***** Record excerpts *****

(* Let $N=2^h$ with $h\ge 2$, $\Delta,\varepsilon>0$, $\sigma^2=2\Delta^2/\varepsilon^2$ and $V(N)=2(\log_2N-1)$. Consider the binary tree mechanism $\mathcal{T}_{N,\Delta,\varepsilon}$ applied to a sequence $(y_t)_{t\ge1}$ of nonnegative reals, and let $I$ be a set of consecutive indices. (1) If $|I|\le N/2$, there is an estimator $\hat S(I)$, equal to a sum of released noisy tree-node values, with $\mathbb{E}[\hat S(I)]=\sum_{t\in I}y_t$ and $\mathrm{Var}[\hat S(I)]\le V(N)\,\sigma^2$. (2) If $|I|>N/2$, write $|I|=kN/2+R$ with integers $k\ge1$ and $0\le R<N/2$. Then there is such an estimator, equal to a sum of released noisy values (possibly from several containers), with $\mathbb{E}[\hat S(I)]=\sum_{t\in I}y_t$ and $\mathrm{Var}[\hat S(I)]\le (k+V(N))\,\sigma^2$.
   Context: Binary tree mechanism with shadow releases $\mathcal{T}_{N,\Delta,\varepsilon}$ ($N=2^h$) on an input sequence $(y_t)_{t\ge1}$: indices are partitioned into containers $C_k=\{(k-1)N+1,\dots,kN\}$, $k=1,2,\dots$. For each container, build a complete binary tree $\mathcal{B}_N$ whose leaves are the indices of $C_k$ in order; a node $v$ at depth $d$ (root at depth $0$) corresponds to a block of $2^{h-d}$ consecutive leaves, and $\mathrm{sum}(v)=\sum_{t\in\mathrm{leaves}(v)}y_t$. The mechanism releases $\tilde s(v)=\mathrm{sum}(v)+\eta_v$ for every node $v$ of every container's tree, and for each container $k$ one shadow release $\sum_{t=(k-1)N+N/2+1}^{kN}y_t+\eta'_k$, where all $\eta_v,\eta'_k$ are independent $\mathrm{Lap}(\Delta/\varepsilon)$ random variables (each of variance $2\Delta^2/\varepsilon^2$). *)

From HB Require Import structures.
From mathcomp Require Import all_boot all_order all_algebra.
From mathcomp Require Import all_classical all_reals all_analysis.
Set Implicit Arguments. Unset Strict Implicit. Unset Printing Implicit Defensive.
Import Order.TTheory GRing.Theory Num.Theory.
Local Open Scope ring_scope.

(* Labels of the values released by the binary tree mechanism with shadow
   releases T_{N,Delta,eps}, N = 2^h.
   - Node k d j : node of depth d (root = depth 0), j-th from the left
     (0 <= j < 2^d), in the tree of container k (k >= 1).
   - Shadow k   : the shadow release of container k (k >= 1). *)
Inductive release_label := Node of nat & nat & nat | Shadow of nat.

Definition label_valid (h : nat) (l : release_label) : bool :=
  match l with
  | Node k d j => [&& 0 < k, d <= h & j < 2 ^ d]
  | Shadow k => 0 < k
  end%N.

(* Underlying (noiseless) sum of a released value; indices t start at 1.
   Container C_k = {(k-1)N+1, ..., kN}. *)
Definition label_sum {R : numDomainType} (h : nat) (y : nat -> R)
    (l : release_label) : R :=
  match l with
  | Node k d j =>
      let w := (2 ^ (h - d))%N in
      let s := ((k.-1) * 2 ^ h + j * w).+1%N in
      \sum_(s <= t < s + w) y t
  | Shadow k =>
      let s := ((k.-1) * 2 ^ h + (2 ^ h)./2).+1%N in
      \sum_(s <= t < s + (2 ^ h)./2) y t
  end.

Definition released {R : numDomainType} {T : Type} (h : nat) (y : nat -> R)
    (eta : release_label -> T -> R) (l : release_label) : T -> R :=
  fun w => label_sum h y l + eta l w.

Definition sum_released {R : numDomainType} {T : Type} (h : nat)
    (y : nat -> R) (eta : release_label -> T -> R) (L : seq release_label)
    : T -> R :=
  fun w => \sum_(l <- L) released h y eta l w.

Definition label_enc (l : release_label) : (nat * nat * nat) + nat :=
  match l with Node k d j => inl (k, d, j) | Shadow k => inr k end.
Definition label_dec (x : (nat * nat * nat) + nat) : release_label :=
  match x with inl (k, d, j) => Node k d j | inr k => Shadow k end.
Lemma label_encK : cancel label_enc label_dec.
Proof. by case. Qed.
HB.instance Definition _ := Equality.copy release_label (can_type label_encK).

From HB Require Import structures.
From mathcomp Require Import all_boot all_order all_algebra.
From mathcomp Require Import all_classical all_reals all_analysis.
From mathcomp Require Import zify.
Import Order.TTheory GRing.Theory Num.Theory.
Set Implicit Arguments. Unset Strict Implicit. Unset Printing Implicit Defensive.

(* An interval of positions is cut at a point c divisible by 2^J into a left
   and a right part; each part is a disjoint union of aligned dyadic blocks read
   off the binary digits of its length: floor(len / 2^J) blocks of size 2^J and
   at most one block of each smaller size.  Aligned blocks of size at most N are
   tree nodes, so the sum of their releases is unbiased, and since the noises
   are uncorrelated its variance is sigma^2 times the number of blocks.
   If |I| <= N/2, cut at the coarsest dyadic point c inside I, of level J' say:
   both parts have length at most 2^J' and need at most max(J', 1) <= h - 1
   blocks each.  If |I| > N/2, cut at the first multiple of N/2 = 2^(h-1) in I:
   the left part needs at most h - 1 blocks, the right part at most k + h - 1. *)

Local Open Scope nat_scope.

Fixpoint dyadic_digits (J s : nat) : seq nat :=
  if J is J'.+1 then nseq (s %/ 2 ^ J) J ++ dyadic_digits J' (s %% 2 ^ J)
  else nseq s 0.

Definition span (bs : seq nat) : nat := \sum_(b <- bs) 2 ^ b.

Lemma span_cat bs1 bs2 : span (bs1 ++ bs2) = span bs1 + span bs2.
Proof. exact: big_cat. Qed.

Lemma span_nseq q b : span (nseq q b) = q * 2 ^ b.
Proof. by rewrite /span big_nseq iter_addn_0 mulnC. Qed.

Lemma span_dyadic_digits J s : span (dyadic_digits J s) = s.
Proof.
elim: J s => [|J IH] s /=; first by rewrite span_nseq muln1.
by rewrite span_cat span_nseq IH -divn_eq.
Qed.

Lemma path_geq_nseq_cat b q bs : path geq b bs -> path geq b (nseq q b ++ bs).
Proof. by elim: q => //= q IH /IH ->; rewrite leqnn. Qed.

Lemma path_dyadic_digits J s : path geq J (dyadic_digits J s).
Proof.
elim: J s => [|J IH] s /=; first by rewrite -[nseq s 0]cats0 path_geq_nseq_cat.
apply: path_geq_nseq_cat.
by case: (dyadic_digits J _) (IH (s %% 2 ^ J.+1)) => //= b bs /andP[/leqW ->].
Qed.

Lemma modn_expS_div_le1 s J : s %% 2 ^ J.+1 %/ 2 ^ J <= 1.
Proof. by rewrite -ltnS ltn_divLR ?expn_gt0 // -expnS ltn_pmod ?expn_gt0. Qed.

Lemma size_dyadic_digits J s : size (dyadic_digits J s) <= s %/ 2 ^ J + J.
Proof.
elim: J s => [|J IH] s /=; first by rewrite size_nseq expn0 divn1 addn0.
rewrite size_cat size_nseq.
have := IH (s %% 2 ^ J.+1); have := modn_expS_div_le1 s J; lia.
Qed.

Lemma size_dyadic_digits_small J s : s < 2 ^ J -> size (dyadic_digits J s) <= J.
Proof. by move=> sJ; have := size_dyadic_digits J s; rewrite divn_small. Qed.

Lemma size_dyadic_digits_le_pow J s : s <= 2 ^ J -> size (dyadic_digits J s) <= maxn J 1.
Proof.
rewrite leq_eqVlt => /orP[/eqP-> | /size_dyadic_digits_small]; last by rewrite leq_max => ->.
have -> : size (dyadic_digits J (2 ^ J)) = 1.
  case: J => [|J] //=; rewrite divnn expn_gt0 modnn /=.
  by elim: J => //= J; rewrite div0n mod0n.
by rewrite leq_maxr.
Qed.

Fixpoint layout_from (c : nat) (bs : seq nat) : seq (nat * nat) :=
  if bs is b :: bs' then (c, b) :: layout_from (c + 2 ^ b) bs' else [::].

Fixpoint layout_to (c : nat) (bs : seq nat) : seq (nat * nat) :=
  if bs is b :: bs' then rcons (layout_to (c - 2 ^ b) bs') (c - 2 ^ b, b) else [::].

Lemma size_layout_from c bs : size (layout_from c bs) = size bs.
Proof. by elim: bs c => //= b bs IH c; rewrite IH. Qed.

Lemma size_layout_to c bs : size (layout_to c bs) = size bs.
Proof. by elim: bs c => //= b bs IH c; rewrite size_rcons IH. Qed.

(* A pair (x, b) is the block of 2^b positions x, ..., x + 2^b - 1; position p
   stands for the index p + 1 of the input sequence. *)
Fixpoint tiling (lo hi : nat) (L : seq (nat * nat)) : bool :=
  if L is x :: L' then (x.1 == lo) && tiling (x.1 + 2 ^ x.2) hi L' else lo == hi.

Lemma tiling_cat lo mid hi L1 L2 :
  tiling lo mid L1 -> tiling mid hi L2 -> tiling lo hi (L1 ++ L2).
Proof.
elim: L1 lo => [|x L1 IH] lo /=; first by move/eqP->.
by case/andP=> -> /IH H /H.
Qed.

Lemma tiling_le lo hi L : tiling lo hi L -> (lo <= hi) && all (fun x => lo <= x.1) L.
Proof.
elim: L lo => [|x L IH] lo /=; first by move/eqP->; rewrite leqnn.
case/andP=> /eqP-> /IH /andP[lohi lo_all]; rewrite leqnn (leq_trans (leq_addr _ _) lohi) /=.
by apply: sub_all lo_all => z; apply: leq_trans; rewrite leq_addr.
Qed.

Lemma tiling_uniq lo hi L : tiling lo hi L -> uniq (map fst L).
Proof.
elim: L lo => [|x L IH] lo //= /andP[_ T]; rewrite (IH _ T) andbT.
have /andP[_ /allP lo_all] := tiling_le T.
apply/mapP=> -[z /lo_all + ez]; rewrite -ez; have := expn_gt0 2 x.2; lia.
Qed.

Lemma tiling_layout_from c bs : tiling c (c + span bs) (layout_from c bs).
Proof.
elim: bs c => [|b bs IH] c /=; first by rewrite /span big_nil addn0.
by rewrite eqxx /span big_cons addnA IH.
Qed.

Lemma tiling_layout_to c bs : span bs <= c -> tiling (c - span bs) c (layout_to c bs).
Proof.
elim: bs c => [|b bs IH] c /=; first by rewrite /span big_nil subn0.
rewrite /span big_cons -cats1 => le_c.
have -> : c - (2 ^ b + span bs) = c - 2 ^ b - span bs by rewrite subnDA.
apply: tiling_cat (IH _ _) _; first by rewrite /span; lia.
by rewrite /= eqxx subnK //; lia.
Qed.

Definition aligned (J : nat) (x : nat * nat) : bool := (x.2 <= J) && (2 ^ x.2 %| x.1).

Lemma aligned_le J J' : J <= J' -> subpred (aligned J) (aligned J').
Proof. by move=> JJ' x /andP[xJ dvd_x]; rewrite /aligned dvd_x (leq_trans xJ JJ'). Qed.

Lemma aligned_layout_from J c bs :
  path geq J bs -> 2 ^ J %| c -> all (aligned J) (layout_from c bs).
Proof.
elim: bs J c => //= b bs IH J c /andP[bJ bs_path] dvd_c.
have dvd_bc : 2 ^ b %| c by rewrite (dvdn_trans _ dvd_c) // dvdn_exp2l.
apply/andP; split; first by rewrite /aligned bJ dvd_bc.
apply: (sub_all (@aligned_le b J bJ)).
by apply: IH; rewrite ?dvdn_add.
Qed.

Lemma aligned_layout_to J c bs :
  path geq J bs -> 2 ^ J %| c -> all (aligned J) (layout_to c bs).
Proof.
elim: bs J c => //= b bs IH J c /andP[bJ bs_path] dvd_c.
have dvd_bc : 2 ^ b %| c - 2 ^ b by rewrite dvdn_sub // (dvdn_trans _ dvd_c) // dvdn_exp2l.
rewrite all_rcons; apply/andP; split; first by rewrite /aligned bJ dvd_bc.
apply: (sub_all (@aligned_le b J bJ)).
exact: IH.
Qed.

Definition dyadic_cover (J c u v : nat) : seq (nat * nat) :=
  layout_to c (dyadic_digits J (c - u)) ++ layout_from c (dyadic_digits J (v - c)).

Lemma tiling_dyadic_cover J c u v : u <= c <= v -> tiling u v (dyadic_cover J c u v).
Proof.
case/andP=> uc cv; apply: (@tiling_cat _ c).
  have := @tiling_layout_to c (dyadic_digits J (c - u)).
  by rewrite span_dyadic_digits subKn // => ->; rewrite ?leq_subr.
by have := tiling_layout_from c (dyadic_digits J (v - c)); rewrite span_dyadic_digits subnKC.
Qed.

*****

• [Problem to work on]:
Taking the entries above, restate exactly those lines that fall between the line with "if bs is b :: bs' then rcons" and the line with "elim: L1 lo", keeping both of those lines too.

• [Response]:
  if bs is b :: bs' then rcons (layout_to (c - 2 ^ b) bs') (c - 2 ^ b, b) else [::].

Lemma size_layout_from c bs : size (layout_from c bs) = size bs.
Proof. by elim: bs c => //= b bs IH c; rewrite IH. Qed.

Lemma size_layout_to c bs : size (layout_to c bs) = size bs.
Proof. by elim: bs c => //= b bs IH c; rewrite size_rcons IH. Qed.

(* A pair (x, b) is the block of 2^b positions x, ..., x + 2^b - 1; position p
   stands for the index p + 1 of the input sequence. *)
Fixpoint tiling (lo hi : nat) (L : seq (nat * nat)) : bool :=
  if L is x :: L' then (x.1 == lo) && tiling (x.1 + 2 ^ x.2) hi L' else lo == hi.

Lemma tiling_cat lo mid hi L1 L2 :
  tiling lo mid L1 -> tiling mid hi L2 -> tiling lo hi (L1 ++ L2).
Proof.
elim: L1 lo => [|x L1 IH] lo /=; first by move/eqP->.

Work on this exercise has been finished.